Él extendió la mano hacia ella y le acarició el hombro. Elizabeth se sorprendió al notar que a él los dedos le temblaban. Estaba al menos tan nervioso como ella. Con un gesto espontáneo, lo tomó de la mano y se acercó la palma callosa a la mejilla.

—Duncan —susurró deleitándose con la dulzura y la suavidad de aquella caricia. Notó que el corazón se le henchía cuando él la miraba a los ojos. Sí, él tenía razón. Ella era suya. Había sido suya desde el principio.

Duncan tenía la mirada velada, y el pecho se le agitó con la respiración entrecortada al abrazarla. Apretó el cuerpo de ella contra el suyo.
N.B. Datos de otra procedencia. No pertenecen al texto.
Lemma leverage_score_le (R : realType) r n (M : 'M[R]_(r, n)) (j : 'I_n) (b : R) :
  0 <= b -> (forall v, M^T *m v != 0 -> leverage_ratio M j v <= b) ->
  leverage_score M j <= b.
Proof.
move=> b0 ratio_le; have [[_ [v [Mv0 _]]]|noratio] := pselect (exists x : R,
  exists v : 'cV_r, M^T *m v != 0 /\ x = leverage_ratio M j v).
  apply: ge_sup; first by exists (leverage_ratio M j v), v.
  by move=> _ [w [Mw0 ->]]; apply: ratio_le.
rewrite /leverage_score (_ : [set _ | _]%classic = set0) ?sup0 //.
by apply/seteqP; split => // x [v vx]; apply: noratio; exists x, v.
Qed.

Lemma leverage_score_mx0 (R : realType) r n (j : 'I_n) (b : R) :
  0 <= b -> leverage_score (0 : 'M[R]_(r, n)) j <= b.
Proof. by move=> b0; apply: leverage_score_le => // v; rewrite trmx0 mul0mx eqxx. Qed.

Lemma leverage_ratio_le_gram (R : realFieldType) r n k (M : 'M[R]_(r, n))
    (B : 'M_(k, n)) (j : 'I_n) (v : 'cV_r) :
  (M <= B)%MS -> B *m B^T \in unitmx ->
  leverage_ratio M j v <= ((col j B)^T *m invmx (B *m B^T) *m col j B) 0 0.
Proof.
(* Writing [v^T M = D B], the numerator is [<p, q>^2] with [p = M^T v] and
   [q = B^T G^-1 a], and [|q|^2 = a^T G^-1 a]. *)
set G := B *m B^T => sMB uG.
have /submxP[D vMD] : (v^T *m M <= B)%MS by apply: submx_trans (submxMl _ _) sMB.
set p := B^T *m D^T; set q := B^T *m (invmx G *m col j B).
have Mv : M^T *m v = p by rewrite /p -[v]trmxK -trmx_mul vMD trmx_mul.
have vMj : v^T *m col j M = p^T *m q.
  rewrite colE mulmxA vMD /p /q trmx_mul !trmxK !mulmxA.
  by rewrite -[in RHS](mulmxA D B) -/G mulmxK // colE mulmxA.
have qq : q^T *m q = (col j B)^T *m invmx G *m col j B.
  rewrite /q !trmx_mul trmxK trmx_inv [G^T]trmx_mul trmxK -/G.
  by rewrite !mulmxA -(mulmxA _ B) -/G mulmxK.
rewrite /leverage_ratio Mv vMj -qq.
have [pp0|pp_neq0] := eqVneq ((p^T *m p) 0 0) 0.
  by rewrite pp0 invr0 mulr0 dotmx_ge0.
rewrite ler_pdivrMr ?lt_def ?pp_neq0 ?dotmx_ge0 // mulrC; exact: cauchy_schwarz_mx.
Qed.

Lemma det_gram_zero_col_le (R : realFieldType) r n k (M : 'M[R]_(r, n))
    (I : 'I_k -> 'I_r) (j : 'I_n) (v : 'cV_r) (t : R) :
  (\rank M <= k)%N -> row_free (rowsub I M) -> t < leverage_ratio M j v ->
  \det (rowsub I (M *m (1%:M - delta_mx j j))
        *m (rowsub I (M *m (1%:M - delta_mx j j)))^T)
  <= \det (rowsub I M *m (rowsub I M)^T) * (1 - t).
Proof.
move=> rankM freeI t_lt; set B := rowsub I M; set G := B *m B^T.
have Gpos : 0 < \det G := det_gram_gt0 freeI.
have uG : G \in unitmx by rewrite unitmxE unitfE gt_eqF.
rewrite -mul_rowsub_mx gram_mul_1_sub_delta -mulNmx det_add_outer // -/G.
rewrite ler_pM2l // lerD2l mulmxN mxE lerN2; apply/ltW/(lt_le_trans t_lt).
by apply: leverage_ratio_le_gram => //; apply: submx_rowsub_row_free.
Qed.

Lemma zero_colsU1 (R : realType) r n (A : 'M[R]_(r, n)) (S : {set 'I_n}) (j : 'I_n) :
  zero_cols A (j |: S) = zero_cols A S *m (1%:M - delta_mx j j).
Proof.
apply/matrixP => a b; rewrite mulmxBr mulmx1 !mxE in_setU1 (bigD1 b) //= big1.
  rewrite !mxE addr0; case: (eqVneq b j) => [->|_] /=; last by rewrite mulr0 subr0.
  by rewrite mulr1 subrr.
by move=> c; rewrite !mxE; case: (c =P j) (b =P j) => [->|_] [->|_]; rewrite ?eqxx ?mulr0.
Qed.

Lemma det_gram_zero_cols_le (R : realType) r n (A : 'M[R]_(r, n)) (P : R) k
    (I : 'I_k -> 'I_r) (S : {set 'I_n}) :
  (k <= r)%N -> (forall i j, `|A i j| <= P) -> 1 <= n%:R * P ^+ 2 ->
  \det (rowsub I (zero_cols A S) *m (rowsub I (zero_cols A S))^T)
    <= r`!%:R * (n%:R * P ^+ 2) ^+ r.
Proof.
move=> k_le A_le nP_ge1; apply: le_trans (det_gram_le (P := P) _) _.
  move=> a b; rewrite !mxE; case: ifP => _ //.
  by rewrite normr0 (le_trans _ (A_le (I a) b)).
by rewrite ler_pM ?ler0n ?exprn_ge0 ?(le_trans ler01) ?ler_nat ?leq_fact ?ler_weXn2l.
Qed.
Durante unos instantes permanecieron inmóviles en aquella posición, cuerpo con cuerpo, atentos al ritmo de su respiración y a los latidos del corazón hasta que ambos parecieron convertirse en uno solo.

—Ven.

Duncan se sentó en el tronco del árbol y la atrajo hacia sí; la acomodó en su regazo y Elizabeth quedó sobre él a horcajadas, con las piernas abiertas y las pantorrillas enlazadas en torno a su tronco. Sintió el miembro de él apretándole el vientre y notó su urgencia; su humedad se propagó por cada centímetro de la piel de Duncan. Percibió el olor de su propio cuerpo y se sintió envuelta por él; cuando Duncan empezó a lamerle los pechos se inclinó hacia atrás para que él por fin la tomara.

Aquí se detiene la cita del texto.